▶ Given information:
►

Lemma triv_pushout_rho (V : C) :
  is_pushout (ppi (triv H V)) (idm (V ⊗ Hc))
    (rho_bullet PO (triv H V)) (pi_XH PO (triv H V)).
Proof. rewrite <- tensm_id; exact (po_spec _ _ _). Qed.

Lemma triv_pushout_pasted (V : C) :
  is_pushout (ppi (triv H V)) (idm (V ⊗ Hc))
    (pi' PO (triv H V) ∘ bullet_Delta PO (triv H V)) (pi'_Delta PO (triv H V)).
Proof.
  rewrite <- (counit_splits_comul H V).
  eapply pushout_paste; exact (po_spec _ _ _).
Qed.

Lemma triv_theta (V : C) :
  exists thetaX : hom (XHbH PO (triv H V)) (XHH PO (triv H V)),
    thetaX ∘ pi'_Delta PO (triv H V) = pi_XH PO (triv H V) /\ is_iso thetaX.
Proof.
  destruct (pushout_unique_iso (triv_pushout_pasted V) (triv_pushout_rho V))
    as [theta [_ [Htheta Hiso]]].
  exists theta; auto.
Qed.

Lemma triv_QPC2 (V : C) : QPC2 PO (triv H V).
Proof.
  unfold QPC2; apply triv_pdatum.
  pose proof (proj1 (triv_pushout_rho V)) as Srho.
  pose proof (proj1 (triv_pushout_pasted V)) as Spasted.
  pose proof (proj1 (po_spec PO (pi_XH PO (triv H V)) (pi'_Delta PO (triv H V)))) as STheta.
  rewrite <- comp_assoc in Spasted.
  cat_simpl; comp_rewrite Srho; comp_rewrite Spasted; exact STheta.
Qed.

Lemma triv_geometric (V : C) : is_geometric PO (triv H V).
Proof.
  destruct (triv_theta V) as [theta Htheta].
  split; [split; [apply triv_QPC1 | apply triv_QPC2] | exists theta; exact Htheta].
Qed.

End TrivialComodule.

Section TrivialAdjunction.

Variables (C : BraidedMonoidalCat) (PO : HasPushouts C) (H : Coalgebra C).

Lemma pvariant_quasi (v : pvariant) (D : pquad H) :
  pvariant_pred PO v D -> is_quasi PO D.
Proof. destruct v; [exact id | intros [Q _]; exact Q ..]. Qed.

Lemma triv_pmorph_diag (V W : C) (f : hom V W) (fH : hom V W) :
  is_pmorph (D := triv H V) (E := triv H W) f fH -> fH = f.
Proof. intros [E _]; simpl in E; rewrite comp_idl, comp_idr in E; exact E. Qed.

Lemma QPC1_extend (D : pquad H) (B : C) (f : hom (pX D) B) :
  QPC1 PO D -> exists fH : hom (pXH D) B, is_pmorph (D := D) (E := triv H B) f fH.
Proof.
  intros [[j [Hj1 _]] Hrho].
  assert (Sbullet : bullet_eps PO D ∘ ppi D = pi_eps PO D ∘ (idm (pX D) ⊠ counit H))
    by exact (proj1 (po_spec _ _ _)).
  exists (f ∘ runitI (pX D) ∘ j ∘ bullet_eps PO D); split; simpl; cat_simpl.
  - comp_rewrite Hrho; comp_rewrite Hj1; comp_rewrite (runit_inv1 (pX D)); reflexivity.
  - comp_rewrite Sbullet; comp_rewrite Hj1.
    rewrite comp_assoc, runitI_nat, <- comp_assoc, <- !tensm_comp; cat_simpl.
    reflexivity.
Qed.

Lemma pmod_hom_triv_eq (D : pquad H) (B : C) (m n : pmod_hom D (triv H B)) :
  is_pdatum D -> ph_f m = ph_f n -> m = n.
Proof.
  destruct m as [f fH Hm], n as [g gH Hn]; simpl; intros Hpi Efg; subst g.
  apply pmod_hom_eq; [reflexivity|].
  apply Hpi; change (fH ∘ ppi D = gH ∘ ppi D).
  rewrite (proj2 Hm), (proj2 Hn); reflexivity.
Qed.

(* [π_{X,ε}] is only known to be invertible propositionally, hence the choice. *)
Definition triv_transpose (v : pvariant) (A : pmod_ob PO H v) (B : C)
    (f : hom (pX (proj1_sig A)) B) : pmod_hom (proj1_sig A) (triv H B) :=
  let A_quasi := pvariant_quasi (proj2 (proj2_sig A)) in
  Build_pmod_hom
    (proj2_sig (constructive_indefinite_description _ (QPC1_extend f (proj1 A_quasi)))).

End TrivialAdjunction.

Theorem mainTheorem5
  (C : BraidedMonoidalCat) (PO : HasPushouts C)
  (Hpres : tensor_preserves_pushouts C)
  (H : Coalgebra C) (Heps : epi (counit H)) :
  (* the trivial quadruple (V, V, r_V^{-1} ∘ (V ⊗ ε), id_V) is a partial
     comodule datum and a geometric partial comodule *)
  (forall V : C, is_pdatum (triv H V) /\ is_geometric PO (triv H V)) /\
  (* for PMod^H any of qPMod^H, lPMod^H, gPMod^H, the functor T is fully
     faithful and right adjoint to the forgetful functor U *)
  (forall (v : pvariant) (hT : forall V : C, in_PMod PO v (triv H V)),
      fully_faithful (trivT hT) /\ adjunction (forgetU PO H v) (trivT hT)).
Proof.
  split.
  - intros V; split; [apply triv_pdatum | apply triv_geometric]; assumption.
  - intros v hT; split.
    + intros V W; exists (fun m => ph_f m); split; [reflexivity|].
      intros m; apply pmod_hom_eq; [reflexivity|].
      symmetry; exact (triv_pmorph_diag (ph_spec m)).
    + exists (fun A B f => triv_transpose f); split.
      * intros A B; exists (fun m => ph_f m); split; [reflexivity|].
        intros m; apply pmod_hom_triv_eq; [exact (proj1 (proj2_sig A)) | reflexivity].
      * intros A A' B B' h f g.
        apply pmod_hom_triv_eq; [exact (proj1 (proj2_sig A')) | reflexivity].
Qed.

◄

▶ Task: Compute the number of lines above that contain the string "Sbullet". Reply with that value only.

▶ Task response: 2